[This is cross-posted with my blog Only The Cinema, where it is a part of my ongoing "Films I Love" series, which is intended to highlight my favorite films with a brief analysis and a selection of screenshots.]
Sink Or Swim, Su Friedrich's experimental short in which she attempts to express, through a wide variety of techniques, her ambivalent experiences with and feelings for her often-absent father, has a rigorous formal structure driving its autobiographical narrative. The film consists of 26 sections, each one titled with a single word, the first letters of which count down through the alphabet. The film opens with a segment titled "Zygote" and ends with a section that has three titles, all from Greek mythology: "Athena," "Atalanta," and "Aphrodite." There is one screen capture here from each of the film's 26 alphabetical sections, mimicking the film's structure and demonstrating the discrete feel and methodology of each separate part in the film's whole. The titles sometimes consist of deadpan jokes or puns (the "X Chromosome" section is simply a sustained shot of an elephant's trunk, for obvious reasons), but more often the titles relate obliquely to the images they introduce. There is, in addition to the stories provided by the film's voiceover, a secondary narrative running through the film that is sustained wholly by the titles and their relationships to the images. Friedrich's lesbianism is brought in almost exclusively in this way, particularly in the sections entitled "Temptation" (images of female bodybuilders) and "Kinship" (in which, at one point, an image of a lesbian couple embracing in a shower is slowed down and manipulated with video processing). These subtexts largely go unspoken, so that the film becomes a story about desire developing, placed in opposition to the filmmaker's antagonistic relationship with her father.
5 comments:
Hey Ed-
I haven't seen this film yet... but I have a few thoughts.
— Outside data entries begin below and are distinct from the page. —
(* Let $\tau\ge1$, two candidates $P,Q$, and let $Z^*$ be a point of the metric space minimizing $SC$. If $P$ beats $Q$ under Weighted Majority Rule 3 and $\delta_I=SC(P)/SC(Q)>\tau$, then $SC(P)/SC(Z^* )\le\frac{2\delta_I}{\delta_I-\tau}$.
   Context: Voters $N$ and candidates are points of an arbitrary metric space $(X,d)$; $SC(Y)=\sum_{i\in N}d(i,Y)$ for $Y\in X$. Let $A=\{i: d(i,Q)/d(i,P)\ge\tau\}$ and $B=\{j: d(j,P)/d(j,Q)\ge\tau\}$. Weighted Majority Rule 3 selects $P$ over $Q$ iff $|A|\ge|B|$. *)

From HB Require Import structures.
From mathcomp Require Import all_boot all_order all_algebra.
Set Implicit Arguments. Unset Strict Implicit. Unset Printing Implicit Defensive.
Import Order.TTheory GRing.Theory Num.Theory.
Local Open Scope ring_scope.

Definition is_metric (R : realFieldType) (X : Type) (d : X -> X -> R) : Prop :=
  [/\ forall x y, 0 <= d x y,
      forall x y, d x y = 0 <-> x = y,
      forall x y, d x y = d y x &
      forall x y z, d x z <= d x y + d y z].

Definition SC (R : realFieldType) (X : Type) (d : X -> X -> R)
  (N : finType) (loc : N -> X) (Y : X) : R :=
  \sum_(i : N) d (loc i) Y.

(* A = { i : d(i,Q)/d(i,P) >= tau }, with the ratio read as +infinity when
   d(i,P) = 0 (cleared denominators). *)
Definition setA (R : realFieldType) (X : Type) (d : X -> X -> R)
  (N : finType) (loc : N -> X) (tau : R) (P Q : X) : {set N} :=
  [set i | tau * d (loc i) P <= d (loc i) Q].

(* Weighted Majority Rule 3 selects P over Q iff |A| >= |B|, where
   B = { j : d(j,P)/d(j,Q) >= tau } = setA with P and Q swapped. *)
Definition WMR3_selects (R : realFieldType) (X : Type) (d : X -> X -> R)
  (N : finType) (loc : N -> X) (tau : R) (P Q : X) : bool :=
  (#|setA d loc tau Q P| <= #|setA d loc tau P Q|)%N.

From HB Require Import structures.
From mathcomp Require Import all_boot all_order all_algebra.
From mathcomp Require Import lra.
Import Order.TTheory GRing.Theory Num.Theory.
Local Open Scope ring_scope.

(* Write D = d(Z,P) - d(Z,Q) for an arbitrary point Z and gap = max(D, 0).
   The triangle inequality gives, for every voter x,
     d(x,P) - tau d(x,Q) <= 2 d(x,Z) + gap [x in B] - gap [x in A],
   because voters of A satisfy d(x,P) - tau d(x,Q) <= 0 and D <= 2 d(x,Z),
   voters of B satisfy d(x,P) - tau d(x,Q) <= 2 d(x,Z) + D, and all other
   voters have d(x,P) - tau d(x,Q) < 0.  Summing over voters and using
   |B| <= |A| (P beats Q) yields  SC(P) - tau SC(Q) <= 2 SC(Z)  for every Z.
   The theorem follows from this inequality by elementary algebra in the
   ratio delta = SC(P)/SC(Q). *)

Lemma sum_indicator (R : pzRingType) (N : finType) (S : {set N}) :
  \sum_(k : N) ((k \in S)%:R : R) = #|S|%:R.
Proof.
by rewrite -sumr_const [RHS]big_mkcond /=; apply: eq_bigr => k _; case: (k \in S).
Qed.

Section VoterBounds.
Variables (R : realFieldType) (X : Type) (d : X -> X -> R).
Hypothesis d_metric : is_metric d.
Variables (tau : R) (x z P Q : X).
Hypothesis tau_ge1 : 1 <= tau.

Let d_ge0 : forall a b, 0 <= d a b. Proof. by case: d_metric. Qed.
Let d_sym : forall a b, d a b = d b a. Proof. by case: d_metric. Qed.
Let d_tri : forall a b c, d a c <= d a b + d b c. Proof. by case: d_metric. Qed.

Lemma setA_voter_excess : tau * d x P <= d x Q -> d x P - tau * d x Q <= 0.
Proof.
move=> xA; have xP : d x P <= tau * d x P by rewrite ler_peMl.
have xQ : d x Q <= tau * d x Q by rewrite ler_peMl.
lra.
Qed.

Lemma setA_voter_gap :
  tau * d x P <= d x Q -> d z P - d z Q <= 2 * d x z.
Proof.
move=> xA; have xPQ : d x P <= d x Q.
  by apply: le_trans xA; rewrite ler_peMl.
have := d_tri z x P; have := d_tri x z Q; rewrite (d_sym z x); lra.
Qed.

Lemma setB_voter_excess :
  tau * d x Q <= d x P -> d x P - tau * d x Q <= 2 * d x z + (d z P - d z Q).
Proof.
move=> xB; have xQ : d x Q <= tau * d x Q by rewrite ler_peMl.
have := d_tri x z P; have := d_tri z x Q; rewrite (d_sym z x); lra.
Qed.

(* The per-voter bound, uniform in the sign of d(z,P) - d(z,Q):
   the gap max(d(z,P) - d(z,Q), 0) is paid by voters of B and refunded by
   voters of A. *)
Lemma voter_excess_bound :
  d x P - tau * d x Q <=
    2 * d x z + Num.max (d z P - d z Q) 0 * (tau * d x Q <= d x P)%R%:R
              - Num.max (d z P - d z Q) 0 * (tau * d x P <= d x Q)%R%:R.
Proof.
have dxz := d_ge0 x z.
have gap_ge0 : 0 <= Num.max (d z P - d z Q) 0 by rewrite le_max lexx orbT.
have gap_geD : d z P - d z Q <= Num.max (d z P - d z Q) 0.
  by rewrite le_max lexx.
case: (boolP (tau * d x Q <= d x P)) => xB;
  case: (boolP (tau * d x P <= d x Q)) => xA /=.
- by have := setA_voter_excess xA; have := setA_voter_gap xA; lra.
- by have := setB_voter_excess xB; lra.
- have gap_le : Num.max (d z P - d z Q) 0 <= 2 * d x z.
    by rewrite ge_max setA_voter_gap //= mulr_ge0.
  by have := setA_voter_excess xA; lra.
- by rewrite -ltNge in xB; lra.
Qed.

End VoterBounds.

Lemma WMR3_cost_bound (R : realFieldType) (X : Type) (d : X -> X -> R)
  (N : finType) (loc : N -> X) (tau : R) (P Q Z : X) :
  is_metric d -> 1 <= tau -> WMR3_selects d loc tau P Q ->
  SC d loc P - tau * SC d loc Q <= 2 * SC d loc Z.
Proof.
move=> d_metric tau_ge1 PbeatsQ.
have gap0 : 0 <= Num.max (d Z P - d Z Q) 0 by rewrite le_max lexx orbT.
rewrite /SC mulr_sumr -sumrB.
apply: le_trans; first by apply: ler_sum => k _; exact: voter_excess_bound.
have card_setA (U V : X) : \sum_(k : N) (tau * d (loc k) U <= d (loc k) V)%R%:R
                            = #|setA d loc tau U V|%:R :> R.
  by rewrite -sum_indicator; apply: eq_bigr => k _; rewrite inE.
have sizes : (#|setA d loc tau Q P|%:R : R) <= #|setA d loc tau P Q|%:R.
  by rewrite ler_nat.
rewrite sumrB big_split /= -!mulr_sumr !card_setA.
nra.
Qed.

Lemma ratio_bound (R : realFieldType) (p q z tau : R) :
  0 <= tau -> 0 <= q -> 0 <= z -> tau < p / q -> p - tau * q <= 2 * z ->
  p / z <= 2 * (p / q) / (p / q - tau).
Proof.
move=> tau0 q0 z0 tau_lt cost.
have qpos : 0 < q.
  rewrite lt0r q0 andbT; apply: contraTneq tau_lt => ->.
  by rewrite invr0 mulr0 -leNgt.
set delta := p / q in tau_lt *.
have p_eq : p = delta * q by rewrite /delta divfK // gt_eqF.
have gap_pos : 0 < delta - tau by lra.
have [->|z_neq0] := eqVneq z 0.
  by rewrite invr0 mulr0 divr_ge0 //; lra.
have zpos : 0 < z by rewrite lt0r z_neq0.
rewrite ler_pdivrMr // mulrAC ler_pdivlMr // p_eq.
nra.
Qed.

Theorem mainTheorem17 (R : realFieldType) (X : Type) (d : X -> X -> R)
  (N : finType) (loc : N -> X) (tau : R) (P Q Zstar : X) :
  is_metric d ->
  1 <= tau ->
  (forall Y : X, SC d loc Zstar <= SC d loc Y) ->
  WMR3_selects d loc tau P Q ->
  tau < SC d loc P / SC d loc Q ->
  SC d loc P / SC d loc Zstar <=
    2 * (SC d loc P / SC d loc Q) / (SC d loc P / SC d loc Q - tau).
Proof.
move=> d_metric tau_ge1 _ PbeatsQ tau_lt.
have SC_ge0 Y : 0 <= SC d loc Y.
  by apply: sumr_ge0 => i _; case: d_metric.
apply: ratio_bound => //; first lra.
exact: WMR3_cost_bound.
Qed.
I like Friedrich's Z-A alphabet approach in trying to make sense of her relationship with her father. It's as if she's starting with the building blocks of our language.
Also, is any of that home footage in the film actual footage of Friedrich?
Lastly, the still you posted of the rollercoaster tracks climbing for it's first drop seemed - to me - like the vagina cavity. (I may just be an obsessed perv...)
Hey Fox, Thanks for the comments. I'm not sure about the home movies - it may be her, or someone in her family, although so much of the film is comprised of stock and "found" footage that I'm inclined to say no. I know she does appear, as an adult, in a few of the later sequences, though, and she's not averse to appearing in her films in general; she does so in several.
The rollercoaster sequence plays out very differently in motion. It's accompanied by Friedrich's voiceover about being terrified by going to see the 1960 movie of H.G. Wells' Time Machine with her father. She tries to cover her eyes and says she wants to leave, but he pulls her hands away, forcing her to stay and watch. The images of the rollercoaster ride are frenzied, the camera whipping around in time with the ride's dips and spirals, everything blurred by speed and rapid pans. It's about confronting fear head-on. The still I captured is from immediately before this wild section: as the rollercoaster ascends, Friedrich keeps it framed in a small box within the film frame, then opens up to a full-screen effect when the ride starts for real. The effect, I think, is something like going from watching a movie (a small rectangle of light in the darkness) to experiencing the unmediated terror of real life.
That said, there are plenty of other places, here and throughout Friedrich's oeuvre, where she uses playful visual metaphors for sexual organs, so you may be right after all.
Hi all,
I'm very honored that you chose my film for your monthly film study thing! Thank you!!
And wanted to answer the query--the home movie footage of the kids playing ball in the country and then going to the pool is footage shot by my paternal grandfather (Carl J. Friedrich) of his kids. I found a big box of reels by chance while I was making the film and again by chance it included this footage--of the daughter who drowned (the next year) in the same pool one sees in the footage.
And at the end of the film, the shot of the girl waving on the beach is me, also shot by my grandfather.
And in an early part, of the little girl tottering towards the camera and the dad tossing her is my sister and my father.
So although we weren't a family that I thought of as constantly being recorded (my parents barely took photos), I discovered that my grandfather had been quite busy with his regular 8 camera years before.
Basically, aside from the obvious TV footage and the stuff by my grandfather, all the footage is mine--some people think other stuff is found footage, like the circus, but it's not.
As for the suggestion of a vagina in the rollercoaster...I didn't intend that and I think it's just a case of a photo giving an impression that wouldn't be there if one saw the moving image (though as Howard says, I do often play around with visual metaphors).
Best wishes,
Su
Wow, thanks so much for the substantive response, I really appreciate the clarification of where the various footage comes from. I'm surprised to find there's much less found footage than I'd thought.
Anyway, I love this film and your work in general, so thanks for weighing in and setting us straight on those details.
Hi Ed,
Glad to be of service and thanks again for your kind words and interesting observations about my film.